Generative AI is accelerating rapidly starting in late 2023. Across government agencies in India, we are currently drafting copy, scanning culture, building decks, analyzing sentiment, generating images, reshaping strategies, and compressing timelines. What started as an experiment has now become infrastructure.
Within creative, marketing and PR companies, AI is no longer a side tool. It's integrated into your daily workflow.
But as machine-generated content floods our systems, new questions are emerging that are less about productivity and more about individuality.
Why is the copy created by AI starting to look the same? And why are clients and readers starting to notice?
Rise of the “sea of sameness”
According to Maninder Singh, head of innovation and creative at Rediffusion Brand Solutions, the most visible failure of AI-generated work is not inaccuracy but indistinction.
read more: AI in Advertising: Transformative or Stifling Creativity?
“AI tends to value civility, explanation, and agreement,” he says. “These are the fatal qualities of powerful communication: it grapples with the very content, irony, and imperfection that makes ideas powerful.”

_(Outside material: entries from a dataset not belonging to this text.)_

Section SpectralTriple.
Variables (C : numClosedFieldType) (q : C) (Q : qdisk C q).
Hypotheses (q_real : q \is Num.real) (q_neq0 : q != 0).
Variables (alpha beta delta : C).
Hypotheses (delta_real : delta \is Num.real) (delta_neq0 : delta != 0).
Hypothesis reality : delta ^+ 2 * q * alpha = - beta^*.
Local Notation sg := (qsig Q).
Local Notation st := (qstar Q).
Local Notation w := (wQ Q).
Local Notation D := (Dirac Q alpha beta).
Local Notation J := (Jop Q delta).
Local Notation g := (gammaS Q).

Lemma beta_conj : beta^* = - (delta ^+ 2 * q * alpha).
Proof. by rewrite reality opprK. Qed.

Lemma alpha_conj : alpha^* = - beta / (delta ^+ 2 * q).
Proof.
have := congr1 Num.conj reality; rewrite !rmorphM rmorphN /= conjCK.
rewrite (conj_Creal delta_real) (conj_Creal q_real) => <-.
by rewrite mulrC mulKf // mulf_neq0 // expf_neq0.
Qed.

Lemma Jop_cliffact xi phi :
  J (cliffact Q alpha beta xi phi)
  = clifford Q alpha beta (sigmaS Q (tensorSO Q (J phi) (ostar Q xi))).
Proof.
case: xi phi => [x1 x2] [p1 p2].
rewrite /Jop /cliffact /clifford /tensorOS /sigmaS /tensorSO /ostar /=.
rewrite !qstar_scale !qstar_mul !qsig_scale !qsig_mul qstar_w qsig_w //.
rewrite !qsig_star_qsig // !w_mul // !qsig_mul !qsig_star_qsig // -!scalerAl.
rewrite !mulNr -!scalerAl !scalerN !scalerA -!scaleNr.
congr (_ *: _, _ *: _).
- by rewrite beta_conj; field.
- by rewrite alpha_conj; field; rewrite q_neq0 delta_neq0.
Qed.

Lemma Dirac_s a : D (a, 0) = (0, beta *: (qdzb Q a * w)).
Proof. by rewrite /Dirac /clifford /nablaS /= qdz0 mul0r scaler0. Qed.

Lemma Dirac_sbar a : D (0, a) = (alpha *: (qdz Q a * w), 0).
Proof. by rewrite /Dirac /clifford /nablaS /= qdzb0 mul0r scaler0. Qed.

Lemma JopK phi : J (J phi) = negS Q phi.
Proof.
have deltaV_real : delta^-1 \is Num.real by rewrite rpredV.
case: phi => p1 p2; rewrite /Jop /negS /=; congr (_, _).
- rewrite !qstar_scale !qsig_scale qsig_star_qsig // qstar_invol.
  by rewrite (conj_Creal delta_real) scalerA mulVf // scale1r.
- rewrite qstarN qsigN !qstar_scale !qsig_scale qsig_star_qsig // qstar_invol.
  by rewrite (conj_Creal deltaV_real) scalerN scalerA mulfV // scale1r.
Qed.

Lemma Jop_gamma phi : J (g phi) = negS Q (g (J phi)).
Proof.
by case: phi => p1 p2; rewrite /Jop /negS /gammaS /= qstarN qsigN scalerN !opprK.
Qed.

Lemma gammaK phi : g (g phi) = phi.
Proof. by case: phi => p1 p2; rewrite /gammaS /= opprK. Qed.

Lemma gamma_lmulS a phi : g (lmulS Q a phi) = lmulS Q a (g phi).
Proof. by case: phi => p1 p2; rewrite /gammaS /lmulS /= mulrN. Qed.

Lemma Dirac_gamma phi : D (g phi) = negS Q (g (D phi)).
Proof.
case: phi => p1 p2; rewrite /Dirac /clifford /nablaS /negS /gammaS /=.
by rewrite qdzN mulNr scalerN opprK.
Qed.

Lemma Jop_lmulS b phi : J (lmulS Q b phi) = rmulS (J phi) (sg (st b)).
Proof.
case: phi => p1 p2; rewrite /Jop /lmulS /rmulS /=.
by rewrite !qstar_mul !qsig_mul mulNr -!scalerAl.
Qed.

Lemma lmulS_Jconj Jinv : cancel Jinv J ->
  forall a b phi,
  lmulS Q a (J (lmulS Q b (Jinv phi))) = J (lmulS Q b (Jinv (lmulS Q a phi))).
Proof. by move=> JinvK a b phi; rewrite !Jop_lmulS !JinvK lmulS_rmulS. Qed.

Lemma Jop_Dirac phi : J (D phi) = D (J phi).
Proof.
case: phi => p1 p2; rewrite /Jop /Dirac /clifford /nablaS /=.
rewrite !qstar_scale !qsig_scale !qstar_mul !qsig_mul qstar_w qsig_w // !w_mul //.
rewrite qdzbN qdz_scale qdzb_scale qdz_sig_star // qdzb_sig_star //.
rewrite mulNr -!scalerAl scalerN !scalerA -!scaleNr.
congr (_ *: _, _ *: _).
- by rewrite beta_conj; field.
- by rewrite alpha_conj; field; rewrite q_neq0 delta_neq0.
Qed.

Definition Dirac_comm a psi := subS Q (D (lmulS Q a psi)) (lmulS Q a (D psi)).

Lemma Dirac_commE a psi :
  Dirac_comm a psi = (alpha *: (qdz Q a * sg (sg psi.2) * w),
                      beta *: (qdzb Q a * sg (sg psi.1) * w)).
Proof.
case: psi => p1 p2; rewrite /Dirac_comm /Dirac /clifford /nablaS /subS /lmulS /=.
by rewrite qdz_leibniz qdzb_leibniz !mulrDl !scalerDr -!scalerAr !mulrA !addrK.
Qed.

Lemma Dirac_comm_rmulS a psi c :
  Dirac_comm a (rmulS psi c) = rmulS (Dirac_comm a psi) c.
Proof.
have w_mulr x y : x * sg (sg y) * w = x * w * y by rewrite -mulrA -w_mul // mulrA.
by rewrite !Dirac_commE /rmulS /= !qsig_mul !mulrA !w_mulr -!scalerAl.
Qed.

Clients are already feeling this emptiness, he added.
“There were clear examples of work that felt technically sound but spiritually empty. When an AI copy is treated as final rather than provisional, its biggest weakness is exposed: the AI cannot feel the consequences of what it says.”
VML India CEO Babita Baruah believes the industry is entering what many marketers quietly describe as an 'sea of sameness'.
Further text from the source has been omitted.